[EXERCISE OBJECTIVE] Beginning with the line that contains "rewrite negb_forall; apply: (iffP" in the material below, print each line exactly until the line that contains "case/andP=> hij /is_squareP" has been printed, then stop.

[SUPPLIED DATA]
-.-.-
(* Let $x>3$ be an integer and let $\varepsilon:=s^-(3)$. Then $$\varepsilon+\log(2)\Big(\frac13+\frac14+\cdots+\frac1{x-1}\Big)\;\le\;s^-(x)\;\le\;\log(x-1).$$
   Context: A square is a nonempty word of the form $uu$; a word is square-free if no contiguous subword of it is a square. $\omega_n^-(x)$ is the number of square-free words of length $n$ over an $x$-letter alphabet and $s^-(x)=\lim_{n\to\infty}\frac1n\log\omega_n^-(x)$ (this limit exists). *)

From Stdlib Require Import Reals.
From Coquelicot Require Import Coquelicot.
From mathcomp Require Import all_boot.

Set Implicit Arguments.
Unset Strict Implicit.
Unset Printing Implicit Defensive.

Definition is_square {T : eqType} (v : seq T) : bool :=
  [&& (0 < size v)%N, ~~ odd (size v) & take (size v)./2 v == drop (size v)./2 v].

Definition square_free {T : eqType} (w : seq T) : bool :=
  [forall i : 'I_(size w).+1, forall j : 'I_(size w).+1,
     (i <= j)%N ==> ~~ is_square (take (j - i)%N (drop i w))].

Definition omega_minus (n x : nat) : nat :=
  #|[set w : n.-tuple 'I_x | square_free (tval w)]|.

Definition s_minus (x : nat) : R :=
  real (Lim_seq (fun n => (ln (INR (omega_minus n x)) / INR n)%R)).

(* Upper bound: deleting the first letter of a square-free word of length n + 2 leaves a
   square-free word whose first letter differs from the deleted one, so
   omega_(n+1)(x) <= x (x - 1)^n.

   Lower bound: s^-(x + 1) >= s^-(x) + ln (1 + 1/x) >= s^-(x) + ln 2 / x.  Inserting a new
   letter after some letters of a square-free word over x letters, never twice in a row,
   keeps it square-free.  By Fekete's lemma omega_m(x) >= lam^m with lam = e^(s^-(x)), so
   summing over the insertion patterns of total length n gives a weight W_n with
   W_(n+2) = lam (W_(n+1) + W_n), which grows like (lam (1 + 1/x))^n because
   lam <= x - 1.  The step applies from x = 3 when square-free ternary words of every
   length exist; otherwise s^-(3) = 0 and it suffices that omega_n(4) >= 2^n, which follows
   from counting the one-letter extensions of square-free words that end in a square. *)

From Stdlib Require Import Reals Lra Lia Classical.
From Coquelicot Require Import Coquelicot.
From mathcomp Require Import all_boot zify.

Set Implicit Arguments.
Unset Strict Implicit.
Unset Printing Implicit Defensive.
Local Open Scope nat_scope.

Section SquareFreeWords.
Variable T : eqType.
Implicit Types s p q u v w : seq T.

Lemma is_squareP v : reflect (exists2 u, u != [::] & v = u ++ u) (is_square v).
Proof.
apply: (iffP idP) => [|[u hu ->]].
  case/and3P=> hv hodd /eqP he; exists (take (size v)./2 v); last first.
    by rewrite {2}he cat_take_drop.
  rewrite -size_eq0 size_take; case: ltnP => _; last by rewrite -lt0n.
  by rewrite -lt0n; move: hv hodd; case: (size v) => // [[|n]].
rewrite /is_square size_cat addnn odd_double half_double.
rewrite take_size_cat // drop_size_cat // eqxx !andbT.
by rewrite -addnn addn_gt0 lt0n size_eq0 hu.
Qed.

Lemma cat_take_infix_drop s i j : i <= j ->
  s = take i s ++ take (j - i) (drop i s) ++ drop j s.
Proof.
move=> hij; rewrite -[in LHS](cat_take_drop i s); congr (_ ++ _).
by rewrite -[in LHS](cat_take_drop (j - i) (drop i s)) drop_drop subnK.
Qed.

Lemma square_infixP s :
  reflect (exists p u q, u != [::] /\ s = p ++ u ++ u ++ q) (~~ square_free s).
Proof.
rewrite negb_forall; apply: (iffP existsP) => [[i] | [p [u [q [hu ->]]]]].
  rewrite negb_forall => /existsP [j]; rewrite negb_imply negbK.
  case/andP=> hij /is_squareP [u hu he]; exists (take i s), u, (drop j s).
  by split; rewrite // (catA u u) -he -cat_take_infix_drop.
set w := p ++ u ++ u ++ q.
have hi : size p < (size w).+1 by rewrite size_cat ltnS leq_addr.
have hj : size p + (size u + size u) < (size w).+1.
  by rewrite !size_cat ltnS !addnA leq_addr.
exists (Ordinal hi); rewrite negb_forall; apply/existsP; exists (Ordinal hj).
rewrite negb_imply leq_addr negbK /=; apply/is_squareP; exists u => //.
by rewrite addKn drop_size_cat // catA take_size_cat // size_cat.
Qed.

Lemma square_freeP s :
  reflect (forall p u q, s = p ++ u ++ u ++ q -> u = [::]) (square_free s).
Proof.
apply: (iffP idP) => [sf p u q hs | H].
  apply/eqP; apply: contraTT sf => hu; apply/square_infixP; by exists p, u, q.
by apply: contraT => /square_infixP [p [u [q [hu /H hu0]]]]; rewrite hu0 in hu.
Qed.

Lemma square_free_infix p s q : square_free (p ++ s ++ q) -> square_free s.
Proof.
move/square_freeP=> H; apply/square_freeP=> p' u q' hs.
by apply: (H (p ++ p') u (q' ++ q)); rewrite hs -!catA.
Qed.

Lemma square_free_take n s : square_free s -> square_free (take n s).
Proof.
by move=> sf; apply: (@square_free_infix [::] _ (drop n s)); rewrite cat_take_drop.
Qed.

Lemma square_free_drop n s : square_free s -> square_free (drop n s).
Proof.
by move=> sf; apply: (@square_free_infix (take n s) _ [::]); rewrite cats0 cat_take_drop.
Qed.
-.-.-
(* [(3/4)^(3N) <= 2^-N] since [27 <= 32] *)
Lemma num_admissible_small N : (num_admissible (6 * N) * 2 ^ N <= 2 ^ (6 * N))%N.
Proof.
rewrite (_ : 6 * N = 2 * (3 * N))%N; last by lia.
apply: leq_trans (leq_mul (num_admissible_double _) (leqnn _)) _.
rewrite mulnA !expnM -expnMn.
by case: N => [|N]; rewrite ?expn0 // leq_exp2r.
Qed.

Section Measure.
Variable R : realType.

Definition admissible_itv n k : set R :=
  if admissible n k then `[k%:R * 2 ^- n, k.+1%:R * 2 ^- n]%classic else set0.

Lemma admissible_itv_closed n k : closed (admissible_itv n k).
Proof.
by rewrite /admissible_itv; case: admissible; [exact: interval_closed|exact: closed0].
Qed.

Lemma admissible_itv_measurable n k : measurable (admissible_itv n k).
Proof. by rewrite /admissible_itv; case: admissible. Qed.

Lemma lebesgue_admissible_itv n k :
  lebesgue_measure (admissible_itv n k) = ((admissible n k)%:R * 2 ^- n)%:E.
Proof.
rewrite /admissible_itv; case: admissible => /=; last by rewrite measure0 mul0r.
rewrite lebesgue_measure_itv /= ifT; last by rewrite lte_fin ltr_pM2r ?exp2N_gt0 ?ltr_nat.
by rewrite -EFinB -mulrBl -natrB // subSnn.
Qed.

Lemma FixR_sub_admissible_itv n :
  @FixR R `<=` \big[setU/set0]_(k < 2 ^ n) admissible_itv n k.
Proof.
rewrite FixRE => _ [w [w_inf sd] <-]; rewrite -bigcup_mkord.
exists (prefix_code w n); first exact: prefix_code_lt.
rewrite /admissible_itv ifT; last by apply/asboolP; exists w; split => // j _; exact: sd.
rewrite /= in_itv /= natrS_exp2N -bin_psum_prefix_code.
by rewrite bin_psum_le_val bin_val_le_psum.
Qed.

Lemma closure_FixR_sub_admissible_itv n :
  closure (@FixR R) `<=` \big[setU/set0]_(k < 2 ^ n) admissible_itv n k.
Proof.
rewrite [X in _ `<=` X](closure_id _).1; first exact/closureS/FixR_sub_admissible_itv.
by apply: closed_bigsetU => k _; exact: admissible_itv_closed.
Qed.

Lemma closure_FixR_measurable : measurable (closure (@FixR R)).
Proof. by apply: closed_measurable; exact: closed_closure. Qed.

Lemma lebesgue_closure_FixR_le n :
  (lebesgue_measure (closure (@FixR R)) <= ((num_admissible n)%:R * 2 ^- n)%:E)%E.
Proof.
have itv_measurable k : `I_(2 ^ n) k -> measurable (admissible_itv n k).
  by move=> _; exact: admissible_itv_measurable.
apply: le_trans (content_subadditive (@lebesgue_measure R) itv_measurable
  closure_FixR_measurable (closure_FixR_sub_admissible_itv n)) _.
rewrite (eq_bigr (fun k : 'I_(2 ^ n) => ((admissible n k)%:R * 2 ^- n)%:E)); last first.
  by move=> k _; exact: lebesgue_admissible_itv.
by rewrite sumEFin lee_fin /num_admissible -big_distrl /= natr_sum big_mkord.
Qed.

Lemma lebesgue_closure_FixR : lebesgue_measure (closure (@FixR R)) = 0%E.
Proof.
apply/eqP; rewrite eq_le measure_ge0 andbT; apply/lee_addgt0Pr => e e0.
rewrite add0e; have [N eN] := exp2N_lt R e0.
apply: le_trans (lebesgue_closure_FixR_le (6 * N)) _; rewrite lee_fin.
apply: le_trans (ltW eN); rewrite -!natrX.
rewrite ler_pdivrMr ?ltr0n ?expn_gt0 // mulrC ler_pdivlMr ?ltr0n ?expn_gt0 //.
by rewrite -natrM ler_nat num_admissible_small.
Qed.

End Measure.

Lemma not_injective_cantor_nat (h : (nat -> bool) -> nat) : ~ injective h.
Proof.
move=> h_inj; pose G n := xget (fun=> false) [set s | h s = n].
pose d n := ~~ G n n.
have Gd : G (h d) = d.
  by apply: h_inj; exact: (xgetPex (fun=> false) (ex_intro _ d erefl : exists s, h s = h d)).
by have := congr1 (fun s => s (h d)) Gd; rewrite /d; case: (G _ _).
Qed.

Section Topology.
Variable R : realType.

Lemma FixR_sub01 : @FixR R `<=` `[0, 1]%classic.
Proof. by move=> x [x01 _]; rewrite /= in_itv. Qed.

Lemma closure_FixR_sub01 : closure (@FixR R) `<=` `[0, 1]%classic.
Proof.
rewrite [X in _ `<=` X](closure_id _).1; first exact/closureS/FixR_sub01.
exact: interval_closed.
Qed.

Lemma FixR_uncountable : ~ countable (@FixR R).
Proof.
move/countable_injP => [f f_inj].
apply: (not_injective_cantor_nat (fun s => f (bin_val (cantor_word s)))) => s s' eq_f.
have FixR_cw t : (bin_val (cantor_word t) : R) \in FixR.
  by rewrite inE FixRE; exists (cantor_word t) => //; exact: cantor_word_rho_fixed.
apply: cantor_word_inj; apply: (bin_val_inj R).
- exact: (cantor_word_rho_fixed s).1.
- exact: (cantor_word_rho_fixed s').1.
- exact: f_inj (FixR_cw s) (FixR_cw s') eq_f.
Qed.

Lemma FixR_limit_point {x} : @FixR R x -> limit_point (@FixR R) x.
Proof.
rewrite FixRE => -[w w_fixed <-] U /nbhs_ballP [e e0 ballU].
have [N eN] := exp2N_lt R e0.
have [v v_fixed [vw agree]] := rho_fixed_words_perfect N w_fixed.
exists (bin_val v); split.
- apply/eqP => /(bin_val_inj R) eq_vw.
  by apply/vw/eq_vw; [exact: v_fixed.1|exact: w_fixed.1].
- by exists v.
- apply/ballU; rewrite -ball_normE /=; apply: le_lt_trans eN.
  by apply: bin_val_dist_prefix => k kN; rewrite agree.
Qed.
-.-.-
[SOLUTION TO THE PROBLEM]
rewrite negb_forall; apply: (iffP existsP) => [[i] | [p [u [q [hu ->]]]]].
  rewrite negb_forall => /existsP [j]; rewrite negb_imply negbK.
  case/andP=> hij /is_squareP [u hu he]; exists (take i s), u, (drop j s).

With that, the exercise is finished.